Preview data tables in the chinook db file.

In [2]:
%%sql
SELECT
    name,
    type
FROM sqlite_master
WHERE type IN ("table","view");

 * sqlite:///chinook.db
Done.


name,type
album,table
artist,table
customer,table
employee,table
genre,table
invoice,table
invoice_line,table
media_type,table
playlist,table
playlist_track,table


### Popular music genres in the US

The most popular music genre for customers purchasing music from the US is `Rock`. The `Rock` genre has 53% of sales while `Alternative & Punk` genre has 12%. `Metal` genre has 11.7%, much further from the Top 3 genres in 4th position is `R&B/Soul` music genre which has 5% of total sales.

Based on global sales of tracks across different genres in the US, chinook digital record store should purchase albums by the following 3 artists:

- `Red Tone	- Punk`: Punk genre is ranked 2nd overall in sales (Recommended) 
- `Slim Jim Bites - Blues`: Blues genre is ranked 5th overall (Recommended)
- `Meteor and the Girls - Pop`: Pop genre is ranked 7th overall with `Latin` music (Recommended)

The below artist narrowly missed the recommended shortlist, despite hip-hop/rap being ranked 8th overall in the US, this music genre was only 0.19 per-cent off the 7th position.
- `Regal - Hip-Hop`: Hip Hop/Rap genre is ranked 8th overall

In [3]:
%%sql
WITH popular_usa_genres AS 
   (
    SELECT il.*,
           c.country 
    FROM invoice_line il
    INNER JOIN invoice i on il.invoice_id = i.invoice_id
    INNER JOIN customer c on i.customer_id = c.customer_id
    WHERE c.country = "USA"
   )
SELECT g.name genre, 
       COUNT(pug.invoice_line_id) tracks_purchased, 
       round(CAST(COUNT(pug.invoice_line_id) AS FLOAT) / (
           SELECT COUNT(*)
           FROM popular_usa_genres
       ) * 100, 2) percentage_purchased
FROM popular_usa_genres pug
INNER JOIN track t on t.track_id = pug.track_id
INNER JOIN genre g on g.genre_id = t.genre_id
GROUP BY g.genre_id
ORDER BY tracks_purchased desc;

 * sqlite:///chinook.db
Done.


genre,tracks_purchased,percentage_purchased
Rock,561,53.38
Alternative & Punk,130,12.37
Metal,124,11.8
R&B/Soul,53,5.04
Blues,36,3.43
Alternative,35,3.33
Pop,22,2.09
Latin,22,2.09
Hip Hop/Rap,20,1.9
Jazz,14,1.33


### Total customer sales by sales support agent

The below data displays total dollar amount of sales assigned to each sales support agent within the organisation.

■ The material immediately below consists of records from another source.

Lemma Rdiv_lt_antitone a1 a2 b1 b2 :
  0 < a1 -> a2 < a1 -> 0 < b1 <= b2 -> a2 / b2 < a1 / b1.
Proof.
intros Ha1 Ha Hb. apply (Rmult_lt_reg_r (b1 * b2)); [nra|].
replace (a2 / b2 * (b1 * b2)) with (a2 * b1) by (field; lra).
replace (a1 / b1 * (b1 * b2)) with (a1 * b2) by (field; lra).
nra.
Qed.

Definition ode_at (mu sigma : R -> R) (r : R) (u : R -> R) (x : R) : Prop :=
  ex_derive u x /\ ex_derive (Derive u) x /\
  / 2 * sigma x ^ 2 * Derive (Derive u) x + mu x * Derive u x - r * u x = 0.

Lemma ode_at_Derive2 mu sigma r u x : ode_at mu sigma r u x -> sigma x <> 0 ->
  Derive (Derive u) x = 2 / sigma x ^ 2 * (r * u x - mu x * Derive u x).
Proof. intros (_ & _ & E) Hs. field_simplify_eq; [lra|auto using pow_nonzero]. Qed.

(* [auto_derive] leaves [Derive (fun y => f y)]; fold it back to [Derive f]. *)
Ltac eta_Derive :=
  repeat match goal with |- context [Derive (fun y => ?f y)] => change (fun y => f y) with f end.

Section Derivatives.

Variables (mu sigma U psi phi : R -> R) (r : R).
Hypothesis Hr : r <> 0.

Local Notation N := (Nfun mu U r psi phi).
Local Notation D := (Dfun psi phi).
Local Notation G := (Gfun mu r).
Local Notation F x m := (phi x * psi m - psi x * phi m).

The highest performing sales agent is Jane Peacock with 36.77% of total sales while Margaret Park has 33.63%. Steve Johnson has the least percent of sales recorded with 29.6%, approximately 7% from the top performing employee. 

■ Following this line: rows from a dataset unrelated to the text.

(* Let $G$ be a tree with vertices $1,2,\ldots,n$ and edges $e_1,\ldots,e_{n-1}$, and let $M$ be its $n\times(n-1)$ vertex-edge incidence matrix. Define the $(n-1)\times n$ matrix $H=[h_{i,j}]$ (rows indexed by edges, columns by vertices) by $$h_{i,j}=\frac{(-1)^{d(e_i,j)}}{n}\begin{cases}|G_T(e_i)| & \text{if } j\in G_H(e_i),\\ |G_H(e_i)| & \text{if } j\in G_T(e_i).\end{cases}$$ Then $H$ is the Moore-Penrose inverse $M^+$ of $M$.
   Context: Each edge is written $e_i=\{l_i,m_i\}$ with $l_i<m_i$. The incidence matrix $M$ has $(i,j)$-entry $1$ if vertex $i$ is incident with edge $e_j$ and $0$ otherwise. $d(u,v)$ denotes the usual graph distance between vertices; for a vertex $j$ and edge $e_i=\{l_i,m_i\}$, $d(j,e_i)=d(e_i,j):=\min\{d(j,l_i),d(j,m_i)\}$. The head component $G_H(e_i)$ is the connected component of $G\setminus e_i$ containing $m_i$; the tail component $G_T(e_i)$ is the component of $G\setminus e_i$ containing $l_i$. $|X|$ denotes the number of vertices of a graph $X$. The Moore-Penrose inverse of a real $p\times q$ matrix $A$ is the unique $q\times p$ real matrix $A^+$ with $AA^+A=A$, $A^+AA^+=A^+$, $(AA^+)^T=AA^+$, $(A^+A)^T=A^+A$. *)

From HB Require Import structures.
From mathcomp Require Import all_boot all_order all_algebra.
Set Implicit Arguments. Unset Strict Implicit. Unset Printing Implicit Defensive.
Import Order.TTheory GRing.Theory Num.Theory.
Local Open Scope ring_scope.

(* A graph on vertex set 'I_n with edges indexed by 'I_k; edge e_i = {l i, m i}. *)
Section Graph.
Variables (n k : nat) (l m : 'I_k -> 'I_n).

Definition adj : rel 'I_n :=
  [rel u v | [exists i, ((l i == u) && (m i == v)) || ((l i == v) && (m i == u))]].

Definition adj_wo (i : 'I_k) : rel 'I_n :=
  [rel u v | [exists i', (i' != i) &&
     (((l i' == u) && (m i' == v)) || ((l i' == v) && (m i' == u)))]].

Definition simple_edges : Prop :=
  (forall i, (l i < m i)%N) /\
  (forall i i', l i = l i' -> m i = m i' -> i = i').

Definition connected_graph : Prop := forall u v, connect adj u v.

(* A tree: a connected simple graph (on n vertices with exactly n-1 edges,
   enforced by the choice k = n.-1 in the theorem). *)
Definition is_tree : Prop := simple_edges /\ connected_graph.

Fixpoint walkb (t : nat) (u v : 'I_n) : bool :=
  if t is t'.+1 then [exists w, adj u w && walkb t' w v] else u == v.

(* graph distance: least t with a walk of length t from u to v
   (in a connected graph on n vertices it is < n) *)
Definition dist (u v : 'I_n) : nat := find (fun t => walkb t u v) (iota 0 n).

Definition dist_ve (j : 'I_n) (i : 'I_k) : nat := minn (dist j (l i)) (dist j (m i)).

Definition headC (i : 'I_k) : {set 'I_n} := [set j | connect (adj_wo i) (m i) j].
Definition tailC (i : 'I_k) : {set 'I_n} := [set j | connect (adj_wo i) (l i) j].

End Graph.

Definition incidence (R : pzRingType) n k (l m : 'I_k -> 'I_n) : 'M[R]_(n, k) :=
  \matrix_(j, i) ((j == l i) || (j == m i))%:R.

Definition Hmat (R : fieldType) n k (l m : 'I_k -> 'I_n) : 'M[R]_(k, n) :=
  \matrix_(i, j)
    ((-1) ^+ dist_ve l m j i / n%:R *
     (if j \in headC l m i then (#|tailC l m i|)%:R
      else if j \in tailC l m i then (#|headC l m i|)%:R else 0)).

Definition moore_penrose (R : pzRingType) p q (A : 'M[R]_(p, q)) (X : 'M[R]_(q, p)) : Prop :=
  [/\ A *m X *m A = A, X *m A *m X = X,
      (A *m X)^T = A *m X & (X *m A)^T = X *m A].

(* A tree is bipartite: with [s] the sign vector of its 2-colouring,
   (-1)^d(u,v) = s_u s_v.  Every edge e_i is a bridge, since a connected graph
   on n vertices has at least n - 1 edges (its oriented incidence matrix has
   rank n - 1), so G \ e_i splits into G_H(e_i) and G_T(e_i), and for j in
   G_H(e_i) we get d(j, e_i) = d(j, m_i) = d(j, l_i) - 1 (symmetrically for
   G_T(e_i)).  With these explicit entries a direct computation gives HM = I,
   Hs = 0, s^T M = 0 and s^T s = n.  Hence [s^T / n; H] is a left, thus a
   right, inverse of the square matrix [s M], i.e. MH = I - s s^T / n, which
   is symmetric; the four Penrose equations follow. *)

From Pilot Require Import Defs.
From mathcomp Require Import all_boot all_order all_algebra zify ring.
Set Implicit Arguments. Unset Strict Implicit. Unset Printing Implicit Defensive.
Import Order.TTheory GRing.Theory Num.Theory.

Section Walks.
Variables (n k : nat) (l m : 'I_k -> 'I_n).
Local Notation adj := (adj l m).
Local Notation adj_wo := (adj_wo l m).
Local Notation walkb := (walkb l m).
Local Notation dist := (dist l m).

Lemma adj_edge i : adj (l i) (m i).
Proof. by apply/existsP; exists i; rewrite !eqxx. Qed.

Lemma adj_sym : symmetric adj.
Proof. by move=> x y; apply/existsP/existsP => -[i Hi]; exists i; rewrite orbC. Qed.

Lemma adj_wo_sym i : symmetric (adj_wo i).
Proof.
by move=> x y; apply/existsP/existsP => -[j /andP[ji Hj]]; exists j; rewrite ji orbC.
Qed.

Lemma adj_woP i x y : adj x y ->
  [\/ adj_wo i x y, x = l i /\ y = m i | x = m i /\ y = l i].
Proof.
case/existsP=> j; have [<-|ji] := eqVneq i j => Hj.
  by case/orP: Hj => /andP[/eqP-> /eqP->]; [apply: Or32 | apply: Or33].
by apply: Or31; apply/existsP; exists j; rewrite eq_sym ji.
Qed.

Lemma adj_wo_lift i : adj_wo i =2 Defs.adj (l \o lift i) (m \o lift i).
Proof.
move=> x y; apply/existsP/existsP => [[j /andP[ji]] | [j Hj]].
  by rewrite eq_sym in ji; have [j' ->] := unlift_some ji; exists j'.
by exists (lift i j); rewrite eq_sym neq_lift.
Qed.

Lemma walkb_cat s t u v w : walkb s u v -> walkb t v w -> walkb (s + t) u w.
Proof.
elim: s u => [|s IH] u /=; first by move/eqP->.
case/existsP=> x /andP[ux xv] vw; apply/existsP; exists x.
by rewrite ux (IH _ xv vw).
Qed.

Lemma walkb_path u p : path adj u p -> walkb (size p) u (last u p).
Proof.
elim: p u => [|x p IH] u //= /andP[ux up].
by apply/existsP; exists x; rewrite ux IH.
Qed.

Lemma dist_le t u v : walkb t u v -> (dist u v <= t)%N.
Proof.
move=> W; have [tn|nt] := ltnP t n.
  rewrite leqNgt; apply/negP => /(before_find 0%N).
  by rewrite nth_iota // add0n W.
by apply: leq_trans (find_size _ _) _; rewrite size_iota.
Qed.

Lemma dist0 u : dist u u = 0%N.
Proof. by apply/eqP; rewrite -leqn0; apply: (@dist_le 0) => /=. Qed.

Hypothesis connected : connected_graph l m.

Lemma connected_walkb u v : exists2 t, (t < n)%N & walkb t u v.
Proof.
have /connectP[p up ->] := connected u v.
have [p' up' uniq_p' _] := shortenP up.
exists (size p'); last exact: walkb_path.
by have := max_card (mem (u :: p')); rewrite card_ord (card_uniqP uniq_p').
Qed.

Lemma dist_walkb u v : walkb (dist u v) u v.
Proof.
have [t tn W] := connected_walkb u v.
have has_walk : has (fun t => walkb t u v) (iota 0 n).
  by apply/hasP; exists t; rewrite ?mem_iota.
have := nth_find 0%N has_walk; rewrite nth_iota ?add0n //.
by move: has_walk; rewrite has_find size_iota.
Qed.

End Walks.

Local Open Scope ring_scope.

Lemma sum_delta (R : pzSemiRingType) (I : finType) (F : I -> R) a :
  \sum_j F j * (j == a)%:R = F a.
Proof.
by rewrite (bigD1 a) //= eqxx mulr1 big1 ?addr0 // => j /negbTE->; rewrite mulr0.
Qed.

(* The left kernel of the oriented incidence matrix [N] of a connected graph
   consists of the constant vectors, so [N] has rank [n]. *)
Lemma connected_edges_ge (n k : nat) (l m : 'I_k -> 'I_n.+1) :
  connected_graph l m -> (n <= k)%N.
Proof.
move=> connected.
pose N : 'M[rat]_(n.+1, k) := \matrix_(j, i) ((j == l i)%:R - (j == m i)%:R).
suff : (\rank (kermx N) <= 1)%N.
  by rewrite mxrank_ker; have := rank_leq_col N; lia.
apply: leq_trans (rank_leq_row (const_mx 1 : 'rV[rat]_n.+1)).
apply/mxrankS/row_subP => r; set u := row r _.
have uN : u *m N = 0 by rewrite -row_mul mulmx_ker row0.
have u_edge x y : adj l m x y -> u 0 x = u 0 y.
  case/existsP=> i /orP[] /andP[/eqP<- /eqP<-]; have /rowP/(_ i) := uN;
  rewrite !mxE; under eq_bigr do rewrite !mxE mulrBr;
  by rewrite sumrB !sum_delta => /eqP; rewrite subr_eq0 => /eqP.
have u_closed : closed (adj l m) [pred x | u 0 x == u 0 ord0].
  by move=> x y /u_edge; rewrite !inE => ->.
have {}u_const j : u 0 j = u 0 ord0.
  have := closed_connect u_closed (connected ord0 j).
  by rewrite !inE eqxx => /esym/eqP.
have -> : u = u 0 ord0 *: const_mx 1.
  by apply/rowP => j; rewrite [RHS]mxE [const_mx _ _ _]mxE mulr1 u_const.
exact/scalemx_sub/submx_refl.
Qed.

Section Tree.
Variables (n : nat) (l m : 'I_n -> 'I_n.+1).
Hypothesis tree : is_tree l m.
Local Notation adj := (adj l m).
Local Notation adj_wo := (adj_wo l m).
Local Notation dist := (dist l m).
Local Notation headC := (headC l m).
Local Notation tailC := (tailC l m).

Let connected : connected_graph l m := tree.2.

Lemma adj_wo_connect_sym i : connect_sym (adj_wo i).
Proof. exact/sym_connect_sym/adj_wo_sym. Qed.

Lemma edge_bridge i : ~~ connect (adj_wo i) (m i) (l i).
Proof.
apply/negP => mi_li.
suff /connected_edges_ge : connected_graph (l \o lift i) (m \o lift i).
  by have := ltn_ord i; lia.
move=> u v; rewrite -(eq_connect (adj_wo_lift l m i)).
apply: (connect_sub _ (connected u v)) => x y.
case/(adj_woP i) => [xy | [-> ->] | [-> ->]] //.
- exact: connect1.
- by rewrite adj_wo_connect_sym.
Qed.

Lemma tailC_setC i : tailC i = ~: headC i.
Proof.
apply/setP => j; rewrite !inE; apply/idP/idP => [tj | hj].
  apply: contra (edge_bridge i) => hj; apply: connect_trans hj _.
  by rewrite adj_wo_connect_sym.
pose ht := [pred x | connect (adj_wo i) (m i) x || connect (adj_wo i) (l i) x].
have ht_closed : closed adj ht.
  apply: intro_closed; first exact/sym_connect_sym/adj_sym.
  move=> x y /(adj_woP i) [xy | [_ ->] | [_ ->]]; rewrite !inE ?connect0 ?orbT //.
  by case/orP => hx; apply/orP; [left | right]; apply: connect_trans hx (connect1 xy).
have := closed_connect ht_closed (connected (m i) j).
by rewrite !inE connect0 (negbTE hj) => /esym.
Qed.

Lemma card_headC_tailC i : (#|headC i| + #|tailC i|)%N = n.+1.
Proof. by rewrite tailC_setC cardsC card_ord. Qed.

Lemma dist_across_edge i a b j :
  (a, b) = (l i, m i) \/ (a, b) = (m i, l i) ->
  connect (adj_wo i) a j -> dist j b = (dist j a).+1.
Proof.
move=> ab aj; have adj_ab : adj a b.
  by case: ab => -[-> ->]; [| rewrite adj_sym]; apply: adj_edge.
have not_ab : ~~ connect (adj_wo i) a b.
  by case: ab => -[-> ->]; [rewrite adj_wo_connect_sym |]; apply: edge_bridge.
apply/eqP; rewrite eqn_leq; apply/andP; split.
  rewrite -[(dist j a).+1]addn1; apply: dist_le.
  apply: walkb_cat (dist_walkb connected j a) _.
  by apply/existsP; exists b; rewrite adj_ab /=.
have := dist_walkb connected j b; move: (dist j b) => t.
elim: t j aj => [|t IH] j aj /=; first by move/eqP=> jb; rewrite -jb aj in not_ab.
case/existsP => w /andP[jw wb].
have [jw' | [-> | jb]] : adj_wo i j w \/ (j = a \/ j = b).
- case: (adj_woP i jw) => [? | [-> _] | [-> _]]; [by left | right..];
  by case: ab => -[-> ->]; tauto.
- apply: leq_trans (IH w (connect_trans aj (connect1 jw')) wb).
  apply: (@dist_le _ _ _ _ (dist w a).+1) => /=.
  by apply/existsP; exists w; rewrite jw dist_walkb.
- by rewrite dist0.
- by rewrite -jb aj in not_ab.
Qed.

Lemma dist_headC i j : j \in headC i -> dist j (l i) = (dist j (m i)).+1.
Proof. by rewrite inE; apply: dist_across_edge; right. Qed.

Lemma dist_tailC i j : j \in tailC i -> dist j (m i) = (dist j (l i)).+1.
Proof. by rewrite inE; apply: dist_across_edge; left. Qed.

Definition colour (j : 'I_n.+1) := odd (dist ord0 j).

Lemma colour_edge i : colour (l i) = ~~ colour (m i).
Proof.
rewrite /colour; have [/dist_headC -> //|] := boolP (ord0 \in headC i).
by rewrite -in_setC -tailC_setC => /dist_tailC ->; rewrite /= negbK.
Qed.

Lemma colour_adj x y : adj x y -> colour y = ~~ colour x.
Proof. by case/existsP=> i /orP[] /andP[/eqP<- /eqP<-]; rewrite colour_edge ?negbK. Qed.

Lemma odd_dist u v : odd (dist u v) = colour u (+) colour v.
Proof.
have := dist_walkb connected u v; move: (dist u v) => t.
elim: t u => [|t IH] u /=; first by move/eqP->; rewrite addbb.
by case/existsP=> w /andP[/colour_adj uw /IH->]; rewrite uw addNb negbK.
Qed.

Variable R : numFieldType.
Local Notation M := (incidence R l m).
Local Notation H := (Hmat R l m).

Definition sgn (j : 'I_n.+1) : R := (-1) ^+ colour j.

Definition sgn_col : 'cV[R]_n.+1 := \col_j sgn j.

Lemma sgn_edge i : sgn (l i) = - sgn (m i).
Proof. by rewrite /sgn colour_edge signrN. Qed.

Lemma sgnK j : sgn j * sgn j = 1.
Proof. by rewrite /sgn -signr_addb addbb. Qed.

Lemma sign_dist u v : (-1) ^+ dist u v = sgn u * sgn v.
Proof. by rewrite -signr_odd odd_dist signr_addb. Qed.

Lemma HmatE i j : H i j = sgn j *
  if j \in headC i then sgn (m i) / n.+1%:R * #|tailC i|%:R
  else sgn (l i) / n.+1%:R * #|headC i|%:R.
Proof.
rewrite mxE /dist_ve; case: ifP => [hj | /negbT].
  by rewrite dist_headC // minnC (minn_idPl (leqnSn _)) sign_dist !mulrA.
rewrite -in_setC -tailC_setC => tj.
by rewrite tj dist_tailC // (minn_idPl (leqnSn _)) sign_dist !mulrA.
Qed.

Lemma edge_ends_neq i : l i != m i.
Proof. by rewrite neq_ltn tree.1.1. Qed.

Lemma incidenceE j i : M j i = (j == l i)%:R + (j == m i)%:R.
Proof.
rewrite mxE; have [->|_] := eqVneq j (l i); last by rewrite add0r.
by rewrite (negbTE (edge_ends_neq i)) addr0.
Qed.

Lemma Hmat_incidence : H *m M = 1%:M.
Proof.
apply/matrixP => i i'; rewrite !mxE.
under eq_bigr do rewrite incidenceE mulrDr.
rewrite big_split /= !sum_delta !HmatE.
have [<-|ii'] := eqVneq i i'.
  rewrite !inE connect0 (negbTE (edge_bridge i)) !mulrA !sgnK !mul1r -mulrDr -natrD.
  by rewrite card_headC_tailC mulVf ?pnatr_eq0.
have adj_wo_i' : adj_wo i (l i') (m i').
  by apply/existsP; exists i'; rewrite eq_sym ii' !eqxx.
rewrite !inE -(same_connect1r (adj_wo_connect_sym i) adj_wo_i') sgn_edge.
by case: ifP => _; rewrite !mulNr addNr.
Qed.

Lemma Hmat_sgn_col : H *m sgn_col = 0.
Proof.
apply/matrixP => i k; rewrite !mxE (bigID (mem (headC i))) /=.
under eq_bigr => j hj do rewrite HmatE mxE hj mulrAC sgnK mul1r.
rewrite [X in _ + X](eq_big (mem (tailC i)) (fun=> sgn (l i) / n.+1%:R * #|headC i|%:R)).
- by rewrite !sumr_const sgn_edge; ring.
- by move=> j; rewrite tailC_setC !inE.
- by move=> j /negbTE hj; rewrite HmatE mxE hj mulrAC sgnK mul1r.
Qed.

Lemma sgn_col_incidence : sgn_col^T *m M = 0.
Proof.
apply/matrixP => k i; rewrite !mxE.
under eq_bigr do rewrite incidenceE !mxE mulrDr.
by rewrite big_split /= !sum_delta sgn_edge addNr.
Qed.

Lemma sgn_col_gram : sgn_col^T *m sgn_col = n.+1%:R%:M.
Proof.
apply/matrixP => a b; rewrite !ord1 !mxE eqxx mulr1n.
under eq_bigr do rewrite !mxE sgnK.
by rewrite sumr_const card_ord.
Qed.

Lemma incidence_Hmat : M *m H = 1%:M - n.+1%:R^-1 *: (sgn_col *m sgn_col^T).
Proof.
have left_inv : col_mx (n.+1%:R^-1 *: sgn_col^T) H *m row_mx sgn_col M = 1%:M.
  rewrite mul_col_row -!scalemxAl sgn_col_gram sgn_col_incidence scaler0.
  rewrite Hmat_sgn_col Hmat_incidence (scalar_mx_block 1 n) scale_scalar_mx.
  by rewrite mulVf ?pnatr_eq0.
have := mulmx1C left_inv; rewrite mul_row_col => <-.
by rewrite scalemxAr addrAC subrr add0r.
Qed.

Lemma incidence_Hmat_sym : (M *m H)^T = M *m H.
Proof. by rewrite incidence_Hmat linearB /= trmx1 linearZ /= trmx_mul trmxK. Qed.

End Tree.

Theorem mainTheorem2 (R : realFieldType) (n : nat) (l m : 'I_n.-1 -> 'I_n) :
  (0 < n)%N -> is_tree l m ->
  moore_penrose (incidence R l m) (Hmat R l m).
Proof.
case: n l m => [//|n] l m _ tree; split.
- by rewrite -mulmxA Hmat_incidence ?mulmx1.
- by rewrite Hmat_incidence ?mul1mx.
- exact: incidence_Hmat_sym.
- by rewrite Hmat_incidence ?trmx1.
Qed.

Based on the hire date for these employees, the data suggests some correlation with sales performance. Jane was the first sales support agent to be hired by the organisation amongst the three. This suggests that Steve's sales amount could be due to being hired at least five months later than the other sales agents.

In [4]:
%%sql
WITH rep_sales AS
    (
        SELECT
        c.customer_id,
        round(sum(i.total), 2) rep_sales_total,
        c.support_rep_id
        FROM customer c
        INNER JOIN invoice i on i.customer_id = c.customer_id
        GROUP BY i.customer_id
    )
SELECT 
    e.first_name || ' ' || e.last_name employee_name,
    SUM(rs.rep_sales_total) rep_sales_total,
    round(CAST(SUM(rs.rep_sales_total) AS FLOAT) /
    (
        SELECT SUM(rep_sales_total) 
        FROM rep_sales
    ) * 100, 2) percentage_sales,
    e.hire_date
FROM rep_sales rs
INNER JOIN employee e on e.employee_id = rs.support_rep_id
WHERE e.title in ('Sales Support Agent')
GROUP BY employee_name;


 * sqlite:///chinook.db
Done.


employee_name,rep_sales_total,percentage_sales,hire_date
Jane Peacock,1731.51,36.77,2017-04-01 00:00:00
Margaret Park,1584.0000000000002,33.63,2017-05-03 00:00:00
Steve Johnson,1393.92,29.6,2017-10-17 00:00:00


### Sales data for customers per country

The below shows sales data, for each country by calculating:

- total number of customers
- total value of sales
- average value of sales per customer
- average order value
Because there are a number of countries with only one customer, these customers will be grouped in 'Other'.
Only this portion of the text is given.